Hi:I'm new to the plyr/dplyr family but enjoying it. I can see it's massive utility for my own work, but I'm stil trying to get my head around it.
I have a data frame that looks like below.
1) How do I produce a table for each non-grouping variable that shows the distribution of responses within each value of the grouping variable?
2) Note: I do have some missing values and I would like to exclude them from the tabulation. I realize the summarize_each command will apply the function to each column, but I don't know how to handle the missing values issue in a simple way. I have seen some codes that suggest you have to filter out missing values, but what if the missing values are scattered randomly through the non-grouping variables?
3) Fundamentally, is it best to just use complete cases with dplyr?
#library
library(dplyr)
#sample data
group<-sample(c('A', 'B', 'C'), 100, replace=TRUE)

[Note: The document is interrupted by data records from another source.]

Lemma pi_rel_mul a b a' b' : pi_rel D Lt a b -> pi_rel D Lt a' b' ->
  pi_rel D Lt (a * a') (b * b').
Proof.
move=> h h'; apply: pi_relP => f hf.
have hG := bilinear_scale_by hf (linear_mulr Lt).
rewrite (teq2_bilinear (cop_mul hopf a a') hG) (sum_tmul2 (fun x y => f x *: (y * Lt))).
transitivity (\sum_(p <- D a) f (p.1 * b') *: (p.2 * Lt)).
  apply: eq_bigr => p _.
  have hB := bilinear_scale_by (scalar_comp hf (linear_mull p.1)) (@linear_id _ H).
  rewrite scalerAr -(pi_rel_sum h' hB) mulr_sumr; apply: eq_bigr => q _.
  by rewrite -scalerAr mulrA.
exact: (pi_rel_sum h (bilinear_scale_by (scalar_comp hf (linear_mulr b')) (@linear_id _ H))).
Qed.

Lemma piA_one : piA D Lt 1 = 1.
Proof. exact: piA_eq pi_rel_one. Qed.

(* pi is injective: apply x (x) y |-> x_(1) (x) S(x_(2)) y to Delta(a)(1 (x) Lt); by
   coassociativity and the antipode axiom the result is a (x) Lt, so pi(a) = 0 forces
   a = 0. *)
Lemma pi_rel_zero a : pi_rel D Lt a 0 -> a = 0.
Proof.
move=> ha0; apply: (functionals_separate_scaled Lt_neq0) => f hf.
rewrite scalar_map0 // scale0r.
pose B x y := \sum_(q <- D x) f q.1 *: (S q.2 * y).
have hB : bilinear_map B.
  split=> [y|x].
    apply: (linear_coproduct_sum (G := fun u v => f u *: (S v * y))).
    exact: bilinear_scale_by hf (linear_comp (linear_mulr y) linear_antipode).
  by apply: linear_sum_maps => q; apply: linear_scale; apply: linear_mull.
pose C x u w := f x *: (S u * (w * Lt)).
have hC : trilinear_map C.
  split=> [u w|x w|x u]; first exact: linear_scale_by.
  - by apply: linear_scale; apply: linear_comp (linear_mulr _) linear_antipode.
  - by apply: linear_scale; apply: linear_comp (linear_mull _) (linear_mulr Lt).
have hG := bilinear_scale_by hf (linear_mulr Lt).
have := pi_rel_sum ha0 hB; rewrite (linear_map0 (hB.1 Lt)) => <-.
rewrite -{1}[Lt]mul1r -(antipode_collapse_second a hG) /=.
transitivity (\sum_(p <- D a) \sum_(q <- D p.2) C p.1 q.1 q.2).
  by apply: eq_bigr => p _; apply: eq_bigr => q _; rewrite /C mulrA.
by rewrite -(coassoc_sum a hC).
Qed.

var1<-sample(c(1,2,3,4,5,NA), 100, replace=TRUE, prob=c(0.15,0.15,0.15,0.15,0.15,0.25))
var2<-sample(c(1,2,3,4,5,NA), 100, replace=TRUE, prob=c(0.15,0.15,0.15,0.15,0.15,0.25))
var3<-sample(c(1,2,3,4,5,NA), 100, replace=TRUE, prob=c(0.15,0.15,0.15,0.15,0.15,0.25))
df<-data.frame(group, var1, var2, var3)
#my code
out_df<-df %>%group_by(group)
out_df %>% summarise_each(funs(table))